After months with relatively few coronavirus cases in the Salt Lake City area’s homeless shelters, Salt Lake County officials reported a big spike this week.
There are currently 93 positive cases among the population, 72 at the 200-bed men’s and women’s Gail Miller Resource Center — an outbreak that comes at the same time COVID-19 diagnoses have ballooned across the state and reached a record high of 1,198 new cases on Thursday.
“Whenever we have an increase in cases in our community, it’s going to trickle down and affect subgroups," said Nicholas Rupp, a spokesman with the Salt Lake County Health Department. “And some of those subgroups,” like people experiencing homelessness, “are vulnerable and much more seriously impacted than the population as a whole.”
As officials call for people to take health precautions to protect these at-risk populations, he said they should consider people experiencing homelessness as “one more group we all need to protect by taking proper action.”
“We’re asking people to protect their grandmas and their loved ones who may be more susceptible. That goes for homeless people as well," he said.
People experiencing homelessness are thought to be more vulnerable to contracting the coronavirus than the general population, since those who live in encampments often have limited access to hygiene services while people who rely on shelters find themselves in cramped rooms packed with dozens of others seeking refuge from the elements.
Many people experiencing homelessness also have preexisting health conditions, research has found, leading them to be more at-risk for negative impacts as a result of the virus.
Laurie Hopkins, executive director of Shelter the Homeless, the nonprofit that is currently operating the Gail Miller Resource Center, said the shelter has sent everyone who tested positive for COVID-19 to quarantine facilities and is not taking any new clients at this time.
The center continues to promote social distancing and require masks in community areas and it has increased its cleaning and disinfecting services, she said.
“We have over the period of this entire pandemic as a homeless resource center community been able to keep the infection rate actually quite low," Hopkins said in an interview. "It doesn’t exceed that of the general population. And yet we are definitely operating congregate shelters and so there’s the risk there and we do everything we can to keep everybody safe.”
The pandemic hit Salt Lake County’s homeless shelters hard early on, with more than 190 confirmed cases within the 300-bed men’s homeless resource center in South Salt Lake. But conditions have been more controlled in the last few months.
In its weekly report on the homeless case numbers, the county said it was also taking steps to address the recent increase among the homeless population. Those include “actively strategizing with service providers, conducting contact tracing, partnering with Fourth Street Clinic and holding even more focused testing events, providing Quarantine and Isolation facilities, all to mitigate the spread of COVID-19.”

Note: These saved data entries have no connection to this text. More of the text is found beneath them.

Lemma is_kbasis_scale (k : fieldType) (I : eqType) (V : 'M[Kf k]_2 -> Prop)
    (b : I -> Kf k) (w : 'M[Kf k]_2) (bw : I -> 'M[Kf k]_2) :
  kbasisA b -> w != 0 -> (forall g, V g <-> exists2 a, inA a & g = a *: w) ->
  (forall e, bw e = b e *: w) -> is_kbasis V bw.
Proof.
move=> [Ab free span] w0 VP bwE.
have combE l c : \sum_(e <- l) kK (c e) *: bw e = (\sum_(e <- l) kK (c e) * b e) *: w.
  by rewrite scaler_suml; apply: eq_bigr => e _; rewrite bwE scalerA.
split.
- by move=> e; apply/VP; exists (b e); rewrite ?bwE.
- move=> l c ul; rewrite combE => /eqP.
  by rewrite scaler_eq0 (negPf w0) orbF => /eqP; apply: free.
- by move=> g /VP[a /span[l [c ->]] ->]; exists l, c; rewrite combE.
Qed.

Lemma fam_monom (k : fieldType) (i : 'I_3) e : fam k i e = monom k e *: u k i.
Proof. by case: e => [[j n]|] /=; rewrite ?scale1r. Qed.

Theorem corollary2p2 (k : fieldType) (hk : 2%N \notin [pchar k]) (i : 'I_3) :
  is_kbasis (@gsub k i) (@fam k i).
Proof. exact: is_kbasis_scale (monom_kbasis k) (u_neq0 hk i) (gsubP hk i) (fam_monom k i). Qed.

As part of their efforts over the past few months to protect the population from the pandemic, county leaders have also increased street outreach to the unsheltered homeless and set up a hotel to house people experiencing homelessness to promote social distancing within the resource centers.
A recent report on the county’s COVID-19 response noted that the hotel was used 734 times in the first six months of the COVID-19 response.

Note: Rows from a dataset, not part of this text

(* Let $H$ be a real Hilbert space, $T\subset H\times H$ a closed convex cone, $T(h):=\{z\in H:(h,z)\in T\}$ and $N:=T^\circ$. Consider: (i) there exists $\beta>0$ such that $\langle h,z\rangle\le-\beta$ for all $(h,z)\in N$ with $\|z\|=1$; (ii) there exists $\beta_1>0$ such that for each $h\in S_H\cap\operatorname{sqri}(\operatorname{Proj}_hT)$ there exists $z$ with $(h,z)\in T$ and $\langle h,z\rangle\ge\beta_1$. Then (i) implies (ii). If moreover $\operatorname{qri}N\neq\emptyset$ and $\operatorname{qri}(\operatorname{Proj}_zN)\subset\operatorname{sqri}(\operatorname{Proj}_hT)$, then (ii) implies (i).
   Context: $S_H$ is the unit sphere of $H$. $T^\circ:=\{(a,b)\in H\times H:\langle a,h\rangle+\langle b,z\rangle\le0\ \forall(h,z)\in T\}$. For $S\subset H\times H$: $\operatorname{Proj}_hS:=\{h:\exists z,\ (h,z)\in S\}$, $\operatorname{Proj}_zS:=\{z:\exists h,\ (h,z)\in S\}$. For a set $A$ in a Hilbert space: $\operatorname{qri}A:=\{x\in A:\overline{\operatorname{cone}}(A-x)\text{ is a linear subspace}\}$ and $\operatorname{sqri}A:=\{x\in A:\operatorname{cone}(A-x)\text{ is a closed linear subspace}\}$, where $\operatorname{cone}(A-x)$ is the cone generated by $A-x$ and $\overline{\operatorname{cone}}$ its norm closure. *)

From Stdlib Require Import Reals.
Open Scope R_scope.
Set Implicit Arguments.

Record HilbertSpace := {
  HS :> Type;
  hzero : HS;
  hadd : HS -> HS -> HS;
  hopp : HS -> HS;
  hscal : R -> HS -> HS;
  hinner : HS -> HS -> R;
  hadd_assoc : forall x y z, hadd x (hadd y z) = hadd (hadd x y) z;
  hadd_comm : forall x y, hadd x y = hadd y x;
  hadd_0 : forall x, hadd x hzero = x;
  hadd_opp : forall x, hadd x (hopp x) = hzero;
  hscal_assoc : forall a b x, hscal a (hscal b x) = hscal (a * b) x;
  hscal_1 : forall x, hscal 1 x = x;
  hscal_addv : forall a x y, hscal a (hadd x y) = hadd (hscal a x) (hscal a y);
  hscal_adds : forall a b x, hscal (a + b) x = hadd (hscal a x) (hscal b x);
  hinner_sym : forall x y, hinner x y = hinner y x;
  hinner_addl : forall x y z, hinner (hadd x y) z = hinner x z + hinner y z;
  hinner_scall : forall a x y, hinner (hscal a x) y = a * hinner x y;
  hinner_pos : forall x, 0 <= hinner x x;
  hinner_def : forall x, hinner x x = 0 -> x = hzero;
  hcomplete : forall u : nat -> HS,
    (forall eps, 0 < eps -> exists N, forall m n, (N <= m)%nat -> (N <= n)%nat ->
        sqrt (hinner (hadd (u m) (hopp (u n))) (hadd (u m) (hopp (u n)))) < eps) ->
    exists l, forall eps, 0 < eps -> exists N, forall n, (N <= n)%nat ->
        sqrt (hinner (hadd (u n) (hopp l)) (hadd (u n) (hopp l))) < eps
}.

Definition hnorm (H : HilbertSpace) (x : H) : R := sqrt (hinner H x x).

(** Normed vector space operations, used to state qri / sqri generically
    (on H and on H x H). *)
Record NOps := {
  V :> Type;
  vzero : V;
  vadd : V -> V -> V;
  vopp : V -> V;
  vscal : R -> V -> V;
  vnorm : V -> R
}.

Definition HOps (H : HilbertSpace) : NOps :=
  {| V := HS H; vzero := hzero H; vadd := hadd H; vopp := hopp H;
     vscal := hscal H; vnorm := hnorm H |}.

Definition PairOps (H : HilbertSpace) : NOps :=
  {| V := (HS H * HS H)%type;
     vzero := (hzero H, hzero H);
     vadd := fun p q => (hadd H (fst p) (fst q), hadd H (snd p) (snd q));
     vopp := fun p => (hopp H (fst p), hopp H (snd p));
     vscal := fun t p => (hscal H t (fst p), hscal H t (snd p));
     vnorm := fun p => sqrt (hinner H (fst p) (fst p) + hinner H (snd p) (snd p)) |}.

Section Gen.
Variable E : NOps.
Definition vsub (x y : E) : E := vadd E x (vopp E y).

Definition is_closed (A : E -> Prop) : Prop :=
  forall x, ~ A x -> exists eps, 0 < eps /\ forall y, A y -> eps <= vnorm E (vsub x y).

County leaders have been tight-lipped about where that downtown facility is and have also repeatedly declined to disclose the location of the quarantine centers, which are housed in county-owned facilities.
Since the start of the pandemic, there have been a total 352 total cases among the homeless community, the vast majority of them currently considered “recovered.” Overall, the population makes up 1.26% of the cumulative confirmed cases within Salt Lake County.

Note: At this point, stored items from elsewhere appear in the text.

Lemma LwE j lo hi p k : Lw c j lo hi p k = \sum_(i <- irange lo hi) p i * c (k - i) j.
Proof.
rewrite /Lw /irange; case: ifP => _; last by rewrite big_nil.
by rewrite big_map -(big_mkord xpredT (fun t : nat => p (lo + t%:Z) * c (k - (lo + t%:Z)) j))
  /index_iota subn0.
Qed.

Lemma Lw_span j lo hi a b p k : in_span a b p -> lo <= a -> b <= hi ->
  Lw c j lo hi p k = Lw c j a b p k.
Proof.
by move=> hp ha hb; rewrite !LwE; apply: big_irange_sub => // i _ /hp ->; rewrite mul0r.
Qed.

Lemma Lw_shift j lo hi a b p d k : in_span a b p -> lo + d <= a -> b <= hi + d ->
  Lw c j lo hi (fun i => p (i + d)) k = Lw c j a b p (k + d).
Proof.
move=> hp ha hb; rewrite -(Lw_span _ _ hp ha hb) !LwE.
rewrite -(big_irange_shift (fun i => p i * c (k + d - i) j)).
by apply: eq_bigr => i _; rewrite opprD addrACA subrr addr0.
Qed.

Lemma LwD j lo hi p q k :
  Lw c j lo hi (fun i => p i + q i) k = Lw c j lo hi p k + Lw c j lo hi q k.
Proof. by rewrite !LwE -big_split; apply: eq_bigr => i _; rewrite mulrDl. Qed.

Lemma LwB j lo hi p q k :
  Lw c j lo hi (fun i => p i - q i) k = Lw c j lo hi p k - Lw c j lo hi q k.
Proof. by rewrite !LwE -sumrB; apply: eq_bigr => i _; rewrite mulrBl. Qed.

Lemma LwZ j lo hi a p k : Lw c j lo hi (fun i => a * p i) k = a * Lw c j lo hi p k.
Proof. by rewrite !LwE mulr_sumr; apply: eq_bigr => i _; rewrite mulrA. Qed.

Lemma Lw_sum j lo hi (P : 'I_r -> int -> F) k :
  Lw c j lo hi (fun i => \sum_(l < r) P l i) k = \sum_(l < r) Lw c j lo hi (P l) k.
Proof.
under eq_bigr => l _ do rewrite LwE.
by rewrite LwE exchange_big; apply: eq_bigr => i _; rewrite mulr_suml.
Qed.

Lemma Lw_eq0 j lo hi p k : (forall i, p i = 0) -> Lw c j lo hi p k = 0.
Proof. by move=> hp; rewrite LwE big1 // => i _; rewrite hp mul0r. Qed.

Definition Lvec (lo hi : 'I_r -> int) (X : 'I_r -> int -> F) (k : int) : F :=
  \sum_(j < r) Lw c j (lo j) (hi j) (X j) k.

Lemma Lvec_span (lo hi a b : 'I_r -> int) X k :
  (forall j, in_span (a j) (b j) (X j)) -> (forall j, lo j <= a j) -> (forall j, b j <= hi j) ->
  Lvec lo hi X k = Lvec a b X k.
Proof. by move=> hX ha hb; apply: eq_bigr => j _; apply: Lw_span. Qed.

Lemma Lvec_shift (lo hi a b : 'I_r -> int) X d k :
  (forall j, in_span (a j) (b j) (X j)) ->
  (forall j, lo j + d <= a j) -> (forall j, b j <= hi j + d) ->
  Lvec lo hi (fun j i => X j (i + d)) k = Lvec a b X (k + d).
Proof. by move=> hX ha hb; apply: eq_bigr => j _; apply: Lw_shift. Qed.

Lemma LvecD (lo hi : 'I_r -> int) X Y k :
  Lvec lo hi (fun j i => X j i + Y j i) k = Lvec lo hi X k + Lvec lo hi Y k.
Proof. by rewrite -big_split; apply: eq_bigr => j _; apply: LwD. Qed.

Lemma LvecB (lo hi : 'I_r -> int) X Y k :
  Lvec lo hi (fun j i => X j i - Y j i) k = Lvec lo hi X k - Lvec lo hi Y k.
Proof. by rewrite -sumrB; apply: eq_bigr => j _; apply: LwB. Qed.

Lemma LvecZ (lo hi : 'I_r -> int) a X k :
  Lvec lo hi (fun j i => a * X j i) k = a * Lvec lo hi X k.
Proof. by rewrite mulr_sumr; apply: eq_bigr => j _; apply: LwZ. Qed.

Lemma Lvec_sum (lo hi : 'I_r -> int) (P : 'I_r -> 'I_r -> int -> F) k :
  Lvec lo hi (fun j i => \sum_(l < r) P l j i) k = \sum_(l < r) Lvec lo hi (P l) k.
Proof. by rewrite exchange_big; apply: eq_bigr => j _; apply: Lw_sum. Qed.

Lemma Lw_pairing p a b (lo hi : 'I_r -> int) X :
  \sum_(y <- irange a b) p y * Lvec lo hi X (- y) =
  \sum_(l < r) \sum_(x <- irange (lo l) (hi l)) X l x * Lw c l a b p (- x).
Proof.
under eq_bigr => y _ do rewrite mulr_sumr.
rewrite exchange_big; apply: eq_bigr => l _ /=.
under eq_bigr => y _ do rewrite LwE mulr_sumr.
rewrite exchange_big; apply: eq_bigr => x _ /=.
rewrite LwE mulr_sumr; apply: eq_bigr => y _.
by rewrite mulrCA; congr (_ * (_ * c _ _)); ring.
Qed.

End Moments.

Section IndexVectors.
Variable r : nat.
Implicit Types (n m : 'I_r -> int) (i j : 'I_r).

Lemma eq_vsum n n' : n =1 n' -> vsum n = vsum n'.
Proof. by move=> e; apply: eq_bigr => i _. Qed.

Lemma sum_eqz j : \sum_i (i == j)%:Z = 1.
Proof. by rewrite (bigD1 j) //= eqxx big1 ?addr0 // => i /negbTE ->. Qed.

Lemma vsum_addej n j : vsum (addej n j) = vsum n + 1.
Proof. by rewrite /vsum big_split /= sum_eqz. Qed.

Lemma vsum_subej n j : vsum (subej n j) = vsum n - 1.
Proof. by rewrite /vsum sumrB sum_eqz. Qed.

Lemma addejE n j i : addej n j i = n i + (i == j)%:Z.
Proof. by []. Qed.

Lemma subejE n j i : subej n j i = n i - (i == j)%:Z.
Proof. by []. Qed.

Lemma addej_eq n j : addej n j j = n j + 1.
Proof. by rewrite addejE eqxx. Qed.

Lemma addej_neq n j i : i != j -> addej n j i = n i.
Proof. by rewrite addejE => /negbTE ->; rewrite addr0. Qed.

Lemma addej_ge n j i : n i <= addej n j i.
Proof. by rewrite addejE; lia. Qed.

Lemma addej_le n j i : addej n j i <= n i + 1.
Proof. by rewrite addejE; lia. Qed.

Lemma addejK n j : subej (addej n j) j =1 n.
Proof. by move=> i; rewrite subejE addejE addrK. Qed.

Lemma vsumD n m : vsum n + vsum m = \sum_i (n i + m i).
Proof. by rewrite big_split. Qed.

Lemma vsum_ge0 n m : inC n m -> 0 <= vsum n + vsum m.
Proof. by move=> /forallP hC; rewrite vsumD sumr_ge0. Qed.

Lemma inC_subej n m j : inC n m -> inC (subej n j) m = (0 < n j + m j).
Proof.
move=> /forallP hC; apply/forallP/idP => [/(_ j) | hj i].
  by rewrite subejE eqxx; lia.
by rewrite subejE; case: eqVneq => [->|_] /=; have := hC i; lia.
Qed.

At least two homeless people have died as a result of COVID-19.
People experiencing homelessness constitute 2.7% of the total hospitalizations in Salt Lake County, the county noted in its report. None of the people who are currently hospitalized are homeless, the county said.
In addition to cases in the resource centers, there have also been positive diagnoses among the unsheltered homeless community, though the county said it could not provide an up-to-date count on Thursday.
As the Gail Miller Resource Center manages its outbreak, Hopkins said the goal moving forward is to “get everyone healed from this particular flare up.”
Then, she said, they can “get them back into the safety of the Gail Miller Center and the other centers we have.”